2. Your core web vitals

This translates into things like:

  • Site speed
  • Mobile optimisation
  • Content organisation

Want a way to instantly see how you are performing? You can carry out a free site speed test on Google and SEMRush have a great free technical SEO audit tool that you can utilise.

Create complex, relatable content.

Multi-step reasoning will become dominant as Google tries to reduce the amount of time we spend in the SERPs (search engine result providers – think Google, Bing). 

The goal in their words was to help users find all the information they needed in a single search. So rather than search for activities for kids in London then carry out a separate search for family-friendly restaurants to visit on the same day, they want to enable you to search for all those things in one go.

For example: Find me activities for a day trip to London for my 6 year old child and give me a list of restaurants we can have lunch at nearby with walking distances from the activity to the restaurant”.

Pretty cool, right?

In simple terms, multi-step reasoning is a more complicated multi-step search. To use the example cited by Google’s Head of Search Liz Reid: “find the best yoga or pilates studios in Boston and show details on their intro offers and walking time from beacon hill”

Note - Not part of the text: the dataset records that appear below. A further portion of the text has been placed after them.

(* Let $\eta$ be an LTS-to-L$^2$TS transformation that in addition preserves and reflects $=_T^{\lambda}$, let $\mathcal{L}$ be an LTS and $s,t$ states of $\mathcal{L}$. Then $s=_T^{\lambda}t$ if and only if for every $\mathsf{LTL}_{-\mathsf{X}}$ formula $\psi$: $s\models^{\eta}\psi\iff t\models^{\eta}\psi$.
   Context: Fix a set $\mathrm{Act}$ of actions containing $\tau$ and a set $\mathbf{AP}$ of atomic propositions. An LTS is $(S,\to)$ with $\to\subseteq S\times\mathrm{Act}\times S$; paths are alternating sequences $s_0,a_1,s_1,\dots$ with $s_{k-1}\xrightarrow{a_k}s_k$, maximal if infinite or ending in a state without outgoing transitions. A colouring $\mathcal{C}$ maps states to colours; $\mathcal{C}(\pi)$ is obtained from $\mathcal{C}(s_0),a_1,\mathcal{C}(s_1),\dots$ by contracting every finite maximal consecutive subsequence $C,\tau,C,\dots,\tau,C$ and every infinite one $C,\tau,C,\tau,\dots$ to $C$; for $\pi$ from $s$ it is a $\mathcal{C}$-coloured trace of $s$, complete if $\pi$ is maximal, divergent if $\pi$ is infinite and $\mathcal{C}(\pi)$ finite. $\mathcal{C}$ is consistent if equally coloured states have the same $\mathcal{C}$-coloured traces, fully consistent if they have the same complete ones; a consistent $\mathcal{C}$ preserves divergence if they have the same divergent ones. $s\leftrightarrow_b t$ / $s\leftrightarrow_b^{ds}t$ / $s\leftrightarrow_b^{\Delta}t$ iff some consistent / fully consistent / consistent divergence preserving $\mathcal{C}$ has $\mathcal{C}(s)=\mathcal{C}(t)$. With $\mathbf{T}$ the trivial colouring (one colour for all states), $s=_T^{\lambda}t$ iff $s,t$ have the same complete $\mathbf{T}$-coloured traces. A Kripke structure is $(S,L,\to)$ with $L:S\to\mathcal{P}(\mathbf{AP})$, $\to\subseteq S\times S$; paths and maximal paths are sequences of states defined analogously. An L$^2$TS is $(S,L,\to)$ with $L:S\to\mathcal{P}(\mathbf{AP})$, $\to\subseteq S\times\mathrm{Act}\times S$; associated LTS $(S,\to)$, associated Kripke structure $(S,L,\{(s,t)\mid\exists a.\ s\xrightarrow{a}t\})$. It is consistent if (i) $s\xrightarrow{a}t$ implies ($L(s)=L(t)$ iff $a=\tau$); (ii) $s\xrightarrow{a}t$, $s'\xrightarrow{a}t'$, $L(s)=L(s')$ imply $L(t)=L(t')$; (iii) $s\xrightarrow{a}t$, $s'\xrightarrow{b}t'$, $L(s)=L(s')$, $L(t)=L(t')$ imply $a=b$. For an equivalence $\sim$ defined on LTSs and states $u,v$ of an L$^2$TS, $u\sim v$ means $L(u)=L(v)$ and $u\sim v$ in the associated LTS. An LTS-to-L$^2$TS transformation $\eta$ assigns to each LTS $\mathcal{L}$ a consistent L$^2$TS $\eta(\mathcal{L})$ and to each state $s$ of $\mathcal{L}$ a state $\eta(s)$ of $\eta(\mathcal{L})$ such that $s\sim t\iff\eta(s)\sim\eta(t)$ for each $\sim\in\{\leftrightarrow_b,\leftrightarrow_b^{ds},\leftrightarrow_b^{\Delta}\}$; it preserves and reflects $=_T^{\lambda}$ if also $s=_T^{\lambda}t\iff\eta(s)=_T^{\lambda}\eta(t)$. $\mathsf{LTL}_{-\mathsf{X}}$ formulas: $\psi::=p\mid\neg\psi\mid\bigwedge\Psi'\mid\psi\,\mathsf{U}\,\psi$ ($p\in\mathbf{AP}$, $\Psi'$ arbitrary sets); on maximal paths of a Kripke structure: $\pi\models p$ iff $p$ is in the label of its first state; negation/conjunction as usual; $\pi\models\psi\,\mathsf{U}\,\psi'$ iff some suffix $\pi'$ of $\pi$ has $\pi'\models\psi'$ and $\pi''\models\psi$ for every suffix $\pi''$ of $\pi$ of which $\pi'$ is a proper suffix; a state satisfies $\psi$ iff all maximal paths from it do. For $s$ a state of $\mathcal{L}$: $s\models^{\eta}\psi$ iff $\eta(s)\models\psi$ in the Kripke structure associated to $\eta(\mathcal{L})$. *)

From Stdlib Require Import Arith.
Lemma ray_direction (hc : valuation_complete v) (r : nat -> vertex v)
  (r_adj : forall n, adj pi (r n) (r n.+1)) (r_nobacktrack : forall n, r n.+2 <> r n) f1 f2 :
  vcls (r 0) (std_lat f1 f2 0 0) ->
  exists c1 c2, [/\ in_o v c1, in_o v c2, c1 = 1 \/ c2 = 1 &
    forall n, vcls (r n) (ray_lat f1 f2 (lc f1 f2 c1 c2) n)].
Proof.
move=> h0; have [L' [hL' st1 st2]] := adj_rep (r_adj 0) h0.
case: (std_lat_neighbour (cls_lat hL') st1 st2) => [[t [ht e]] | e].
  rewrite expr0 mul1r add0r in e.
  have approx : ray_approx r f1 f2 0 t.
    split => //; first exact: cls_seqv hL' e.
    apply: cls_seqv h0 _; apply: seqv_sym.
    by rewrite -[t]mul1r -(expr0 pi) -[_ * t]add0r; exact: std_lat_shift.
  have [l [hl hn]] := ray_limit hc r_adj r_nobacktrack approx.
  exists 1, l; split => //; [exact: o_1| by left| move=> n].
  exact: cls_seqv (hn n) (std_ray_lat _ _ _ hl).
have approx : ray_approx r f2 f1 0 0.
  split; [exact: o_0| exact: cls_seqv hL' (seqv_trans e (pinched00 _ _))|].
  exact: cls_seqv h0 (std_lat00 _ _).
have [l [hl hn]] := ray_limit hc r_adj r_nobacktrack approx.
exists l, 1; split => //; [exact: o_1| by right| move=> n].
apply: cls_seqv (hn n) _; apply: seqv_trans (std_ray_lat _ _ _ hl) _.
by rewrite lc_swap; apply: ray_lat_swap.
Qed.

(** ** Two opposite rays span a basis

    If the rays in directions c and d from [o f1 + o f2] leave through
    different neighbours, then c, d is an o-basis of o f1 + o f2. *)

Lemma ray_lat1_unit f1 f2 c1 c2 a u1 u2 : o_unit a -> in_o v u1 -> in_o v u2 ->
  seqv (ray_lat f1 f2 (lc f1 f2 c1 c2) 1)
       (ray_lat f1 f2 (lc f1 f2 (a * c1 + pi * u1) (a * c2 + pi * u2)) 1).
Proof.
move=> ua hu1 hu2; have na : a != 0 by case: ua.
have ia := o_unit_inv ua.
move=> w; split; case=> al [b1 [b2 [hal hb1 hb2 ->]]].
  exists (al / a), (b1 - al / a * u1), (b2 - al / a * u2); split.
  - exact: o_mul.
  - by apply: o_sub => //; apply: o_mul => //; apply: o_mul.
  - by apply: o_sub => //; apply: o_mul => //; apply: o_mul.
  - by rewrite expr1 !lcZ !lcD; apply: lc_congr; field.
exists (al * a), (al * u1 + b1), (al * u2 + b2); split.
- by apply: o_mul => //; exact: o_unit_o.
- by apply: o_add => //; apply: o_mul.
- by apply: o_add => //; apply: o_mul.
- by rewrite expr1 !lcZ !lcD; apply: lc_congr; ring.
Qed.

This search is obviously involving many separate search queries

1. Best yoga or pilates studios in Boston

2. Intro offers at yoga or pilates studios

3. Walking time to studios in Boston from beacon hill

If you’ve naturally been creating interesting and engaging content, and thinking about long-tail search queries, then the chances are you’ve already been creating comprehensive content to engage your customers. Keep on doing what you’re doing. Big gold star to you. ⭐️

What do you need to know about SEO in 2024 as a retailer?

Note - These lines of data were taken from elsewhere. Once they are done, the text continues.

Lemma meetA x y z : meet x (meet y z) = meet (meet x y) z.
Proof. by case: (ax1L x y z) => _ []. Qed.
Lemma meetC x y : meet x y = meet y x.
Proof. by case: (ax1L x y x) => _ [] _ [] _ []. Qed.
Lemma joinC x y : join x y = join y x.
Proof. by case: (ax1L x y x) => _ [] _ []. Qed.
Lemma joinKI x y : join x (meet x y) = x.
Proof. by case: (ax1L x y x) => _ [] _ [] _ [] _ []. Qed.
Lemma meetKU x y : meet x (join x y) = x.
Proof. by case: (ax1L x y x) => _ [] _ [] _ [] _ [] _ []. Qed.
Lemma meetUr x y z : meet x (join y z) = join (meet x y) (meet x z).
Proof. by case: (ax1L x y z) => _ [] _ [] _ [] _ [] _ [] _ []. Qed.
Lemma meet1x x : meet (one n) x = x.
Proof. by case: (ax1L x x x) => _ [] _ [] _ [] _ [] _ [] _ [] _ []. Qed.

Lemma meetxx x : meet x x = x.
Proof. by rewrite -{2}(joinKI x x) meetKU. Qed.

Lemma le_refl x : le x x.
Proof. by rewrite /le meetxx. Qed.
Lemma le_trans x y z : le x y -> le y z -> le x z.
Proof. by rewrite /le => hxy hyz; rewrite {1}hxy {1}hyz meetA -hxy. Qed.
Lemma le_meetl x y : le (meet x y) x.
Proof. by rewrite /le (meetC _ x) meetA meetxx. Qed.
Lemma le_meetr x y : le (meet x y) y.
Proof. by rewrite /le -meetA meetxx. Qed.
Lemma meet_glb x y z : le z x -> le z y -> le z (meet x y).
Proof. by rewrite /le => hx hy; rewrite meetA -hx -hy. Qed.
Lemma le_joinl x y : le x (join x y).
Proof. by rewrite /le meetKU. Qed.
Lemma le_joinr x y : le y (join x y).
Proof. by rewrite joinC; apply: le_joinl. Qed.
Lemma le_join_eq x y : le x y -> join x y = y.
Proof. by rewrite /le => ->; rewrite meetC joinC joinKI. Qed.
Lemma join_lub x y z : le x z -> le y z -> le (join x y) z.
Proof. by rewrite /le => hx hy; rewrite meetC meetUr meetC -hx meetC -hy. Qed.
Lemma le_meetUr x y z : le (meet x (join y z)) (join (meet x y) (meet x z)).
Proof. by rewrite meetUr; apply: le_refl. Qed.
Lemma le1 x : le x (one n).
Proof. by rewrite /le meetC meet1x. Qed.
Lemma le_meet2 x y x' y' : le x x' -> le y y' -> le (meet x y) (meet x' y').
Proof.
by move=> h1 h2; apply: meet_glb; [apply: le_trans h1 | apply: le_trans h2];
  [exact: le_meetl | exact: le_meetr].
Qed.

End LatticeFacts.

Lemma sub_meet n k (a : 'I_n -> 'I_k) (x y : L n) : sub a (meet x y) = meet (sub a x) (sub a y).
Proof. by case: (ax2L a x y). Qed.
Lemma sub_join n k (a : 'I_n -> 'I_k) (x y : L n) : sub a (join x y) = join (sub a x) (sub a y).
Proof. by case: (ax2L a x y). Qed.
Lemma sub_one n k (a : 'I_n -> 'I_k) : sub a (one n) = one k.
Proof. by case: (ax2L a (one n) (one n)). Qed.
Lemma sub_zero n k (a : 'I_n -> 'I_k) : sub a (zero L n) = zero L k.
Proof. by case: (ax2L a (one n) (one n)). Qed.

Lemma ex_join n (x y : L n.+1) : ex (join x y) = join (ex x) (ex y).
Proof. by case: (ax7L x y). Qed.
Lemma ex_zero n : ex (zero L n.+1) = zero L n.
Proof. by case: (ax7L (zero L n.+1) (zero L n.+1)). Qed.

Lemma exn_join m n (x y : L (n + m)) : exn (join x y) = join (exn x) (exn y).
Proof. by elim: n x y => [|n IH] x y //=; rewrite ex_join IH. Qed.
Lemma exn_zero m n : exn (zero L (n + m)) = zero L m.
Proof. by elim: n => [|n IH] //=; rewrite ex_zero IH. Qed.
Lemma exn_le m n (x y : L (n + m)) : le x y -> le (exn x) (exn y).
Proof. by move=> /le_join_eq <-; rewrite exn_join; apply: le_joinl. Qed.

Definition widen_addl m k : 'I_m -> 'I_(k + m) := widen_ord (leq_addl k m).

(* Axiom (3) gives no identity law, so [sub id] cannot be removed here. *)
Lemma exn_meet_widen m k (x : L (k + m)) (q : L m) :
  exn (meet x (sub (@widen_addl m k) q)) = meet (exn x) (sub id q).
Proof.
elim: k x => [|k IH] x /=.
  by congr (meet x (sub _ q)); apply: functional_extensionality => i; apply: val_inj.
have -> : @widen_addl m k.+1 = @cyl (k + m) \o @widen_addl m k.
  by apply: functional_extensionality => i; apply: val_inj.
by rewrite ax3L ax9L IH.
Qed.

Lemma le_bigmeet m k (f : 'I_k -> L m) j : le (\big[@meet L m/one m]_(i < k) f i) (f j).
Proof.
elim: k f j => [|k IH] f j; first by case: j.
rewrite big_ord_recl; case: (unliftP ord0 j) => [j'|] ->; last exact: le_meetl.
by apply: le_trans (le_meetr _ _) (IH _ _).
Qed.

Definition prime_filter n (P : L n -> Prop) :=
  [/\ (forall x y, le x y -> P x -> P y), (forall x y, P (meet x y) <-> P x /\ P y),
      P (one n), ~ P (zero L n) & (forall x y, P (join x y) <-> P x \/ P y)].

Definition lattice_morphism (V : Type) (p : forall n, L n -> RelW V n) :=
  [/\ (forall n k (a : 'I_n -> 'I_k) r x, p k (sub a r) x <-> p n r (fun i => x (a i))),
      (forall n x, ~ p n (zero L n) x), (forall n x, p n (one n) x),
      (forall n r s x, p n (join r s) x <-> p n r x \/ p n s x) &
      (forall n r s x, p n (meet r s) x <-> p n r x /\ p n s x)].

Lemma almost_morphism_lattice V (p : forall n, L n -> RelW V n) :
  almost_morphism p -> lattice_morphism p.
Proof.
case=> psub [p0 [p1 [pjoin [pmeet _]]]]; split.
- by move=> n k a r x; rewrite psub.
- by move=> n x; rewrite p0.
- by move=> n x; rewrite p1.
- by move=> n r s x; rewrite pjoin.
- by move=> n r s x; rewrite pmeet.
Qed.

Lemma lattice_morphism_morphism V (p : forall n, L n -> RelW V n) :
  lattice_morphism p -> (forall n (r : L n.+1) x, p _ (ex r) x <-> exW (p _ r) x) ->
  morphism p.
Proof.
have relE n (P Q : RelW V n) : (forall x, P x <-> Q x) -> P = Q.
  by move=> PQ; apply: functional_extensionality => x; apply: propositional_extensionality.
case=> psub p0 p1 pjoin pmeet pex; split; last by move=> n r; apply: relE.
split; [|split; [|split; [|split; [|split]]]].
- by move=> n k a r; apply: relE.
- by move=> n; apply: relE => x; split=> // /p0.
- by move=> n; apply: relE.
- by move=> n r s; apply: relE.
- by move=> n r s; apply: relE.
- by move=> n r x /pex.
Qed.

Section LatticeMorphism.
Variables (V : Type) (p : forall n, L n -> RelW V n).
Arguments p : clear implicits.
Hypothesis p_hom : lattice_morphism p.

Lemma lattice_morphism_le n (x y : L n) z : le x y -> p n x z -> p n y z.
Proof. by case: p_hom => _ _ _ _ pmeet; rewrite /le => -> /pmeet []. Qed.

Lemma lattice_morphism_sub_id n (q : L n) z : p n (sub id q) z <-> p n q z.
Proof. by case: p_hom => psub _ _ _ _; apply: psub. Qed.

Lemma lattice_morphism_ex n (r : L n.+1) x y : p _ r (snoc x y) -> p _ (ex r) x.
Proof.
move=> /(lattice_morphism_le (ax8L r)); case: p_hom => psub _ _ _ _ /psub.
by congr p; apply: functional_extensionality => i; apply: snoc_widen.
Qed.

Lemma lattice_morphism_bigmeet m k (f : 'I_k -> L m) x :
  p m (\big[@meet L m/one m]_(i < k) f i) x <-> forall j, p m (f j) x.
Proof.
split=> [pf j|]; first exact: lattice_morphism_le (le_bigmeet _ _) pf.
case: p_hom => _ _ p1 _ pmeet.
elim: k f => [|k IH] f pf; first by rewrite big_ord0.
by rewrite big_ord_recl; apply/pmeet; split; [exact: pf | apply: IH => j; apply: pf].
Qed.

Lemma prime_filter_extending m k (b : 'I_m -> V) (Phi : L (k + m)) :
  p m (exn Phi) b ->
  exists P, [/\ prime_filter P, P Phi & forall q, P (sub (@widen_addl m k) q) <-> p m q b].
Proof.
move=> pPhi; case: (p_hom) => _ p0 p1 pjoin pmeet.
(* [G s]: [Phi /\ s] can be satisfied above [b]. *)
pose G s := p m (exn (meet Phi s)) b.
pose F s := exists q, p m q b /\ le (meet Phi (sub (@widen_addl m k) q)) s.
have G_le x y : le x y -> G x -> G y.
  by move=> lxy; apply: lattice_morphism_le; apply: exn_le; apply: le_meet2 (le_refl _) lxy.
have G_widen q : G (sub (@widen_addl m k) q) <-> p m q b.
  by rewrite /G exn_meet_widen pmeet lattice_morphism_sub_id; tauto.
have [Q [[Qup Qmeet FQ QG] Qprime]] :
    exists Q, separating (@le L _) (@meet L _) F (fun s => ~ G s) Q /\ prime (@join L _) Q.
  apply: prime_filter_theorem;
    [exact: le_trans | exact: le_meetl | exact: le_meetr | exact: meet_glb | exact: le_joinl
    | exact: le_joinr | exact: join_lub | exact: le_meetUr | | | | |].
  - by move=> x y lxy [q [pq lq]]; exists q; split=> //; apply: le_trans lxy.
  - move=> x y [q1 [pq1 l1]] [q2 [pq2 l2]]; exists (meet q1 q2); split; first by apply/pmeet.
    rewrite sub_meet; apply: meet_glb.
      by apply: le_trans l1; apply: le_meet2 (le_refl _) (le_meetl _ _).
    by apply: le_trans l2; apply: le_meet2 (le_refl _) (le_meetr _ _).
  - by exists (meet Phi (sub (@widen_addl m k) (one m))), (one m); split=> //; apply: le_refl.
  - by move=> x y Gx Gy; rewrite /G meetUr exn_join pjoin; case.
  - move=> x [q [pq lq]]; apply; apply: (G_le _ _ lq).
    by rewrite /G meetA meetxx exn_meet_widen pmeet lattice_morphism_sub_id.
have QPhi : Q Phi by apply: FQ; exists (one m); split=> //; apply: le_meetl.
exists Q; split=> //; last first.
  move=> q; split=> [Qq|pq]; last by apply: FQ; exists q; split=> //; apply: le_meetr.
  by apply/G_widen; apply: NNPP (QG _ Qq).
split=> //.
- move=> x y; split=> [Qxy|[Qx Qy]]; last exact: Qmeet.
  by split; apply: Qup Qxy; [exact: le_meetl | exact: le_meetr].
- by apply: Qup QPhi; apply: le1.
- move=> Q0; apply: (QG _ Q0) => G0; apply: (p0 m b).
  by apply: lattice_morphism_le G0; rewrite -(exn_zero m k); apply: exn_le; apply: le_meetr.
- move=> x y; split=> [/Qprime //|[] Qx]; apply: Qup Qx; [exact: le_joinl | exact: le_joinr].
Qed.

Lemma prime_filter_of_demands m (b : 'I_m -> V) k (ar : 'I_k -> nat)
    (r : forall j, L (ar j).+1) (a : forall j, 'I_(ar j) -> 'I_m)
    (c : forall j, 'I_(ar j).+1 -> 'I_(k + m)) :
  (forall j i, val (c j (widen_ord (leqnSn (ar j)) i)) = val (a j i)) ->
  (forall j, val (c j ord_max) = m + j) ->
  (forall j, p _ (ex (r j)) (fun i => b (a j i))) ->
  exists P, [/\ prime_filter P, (forall q, P (sub (@widen_addl m k) q) <-> p m q b)
              & forall j, P (sub (c j) (r j))].
Proof.
move=> c_first c_last demands.
pose Phi := \big[@meet L (k + m)/one (k + m)]_(j < k) sub (c j) (r j).
have pPhi : p m (exn Phi) b.
  rewrite (ax10L c_first c_last) lattice_morphism_bigmeet => j.
  by case: p_hom => psub _ _ _ _; apply/psub.
have [P [Pprime PPhi Pwiden]] := prime_filter_extending pPhi.
exists P; split=> // j; case: Pprime => Pup _ _ _ _; apply: Pup PPhi; apply: le_bigmeet.
Qed.

End LatticeMorphism.

Record demand (V : Type) (p : forall n, L n -> RelW V n) := Demand {
  dem_arity : nat;
  dem_rel : L dem_arity.+1;
  dem_args : 'I_dem_arity -> V;
  dem_holds : p _ (ex dem_rel) dem_args }.
Arguments dem_arity {V p}.
Arguments dem_rel {V p}.
Arguments dem_args {V p}.

Section OneStep.
Variables (V : Type) (p : forall n, L n -> RelW V n).
Arguments p : clear implicits.
Hypothesis p_hom : lattice_morphism p.

(* One fresh witness for every existential statement that holds in [p]. *)
Definition ext := (V + demand p)%type.

Definition one_step_extension (q : forall n, L n -> RelW ext n) :=
  [/\ lattice_morphism q, (forall n r x, q n r (fun i => inl (x i)) <-> p n r x)
    & forall d : demand p, q _ (dem_rel d) (snoc (fun i => inl (dem_args d i)) (inr d))].

Definition config := (seq V * seq (demand p))%type.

As an ecommerce and retail specialist agency, it’s important to address the unique challenges faced by product-based businesses as Google extends its use of AI in search results.

Introducing: Google’s Circle to Search.

Already available on Android. Circle to search means that you can basically circle a product in an image and search for places to buy that item (or similar ones).

Personally, I’m here for it. How many times have you seen a product in an image on Pinterest or Instagram and wanted to get the same thing for your home or your wardrobe? Right!? 

Google’s circle to search increases the importance of optimising the visual content on your website for search.

Here’s two ways you should be optimising the visual content on your website for search:

  1. Providing content-rich visual experiences on your website. For example videos that explain how a product can be used or videos showing how the clothing on your website looks when the model is wearing it. (Please don’t start cramming your websites full of huge image files as it starts to reduce load time and can negatively impact your user experience – there’s a fine balance to strike).
  2. High quality imagery that effectively represents your products. One crappy picture doesn’t cut it and specifically creating your own imagery if you are a multi-branded retailer (rather than using the supplier provided imagery) would be beneficial.
  3. If you’re not already including metadata for your website images and videos, you should start, like yesterday. It’s not just for SEO, but metadata like ALT text can help ensure your website is accessible. In my opinion, if you’re not providing accessible experiences in 2024 I don’t think you’re trying hard enough.

In conclusion, the way that we carry out SEO and search engine marketing is going to change for good with the introduction of Google’s new Search Overviews and AI generated search experiences. As of 2024, Google makes up over 84% of online searches this is why we have such a focus on Google when we look at SEO.

It would be foolish for businesses to ignore these changes and not inform themselves about how SEO is changing, but I believe that if you are carrying out SEO best practices across your business, for the most part you will be doing what you can right now to mitigate any negative impact of the changes.

At the risk of being that annoying marketing person. Content really does seem to be king. We’re all going to be creating more and more content across all of our platforms. It’s quality, relevant content executed brilliantly that will get you results whether it’s SEO, social media or email.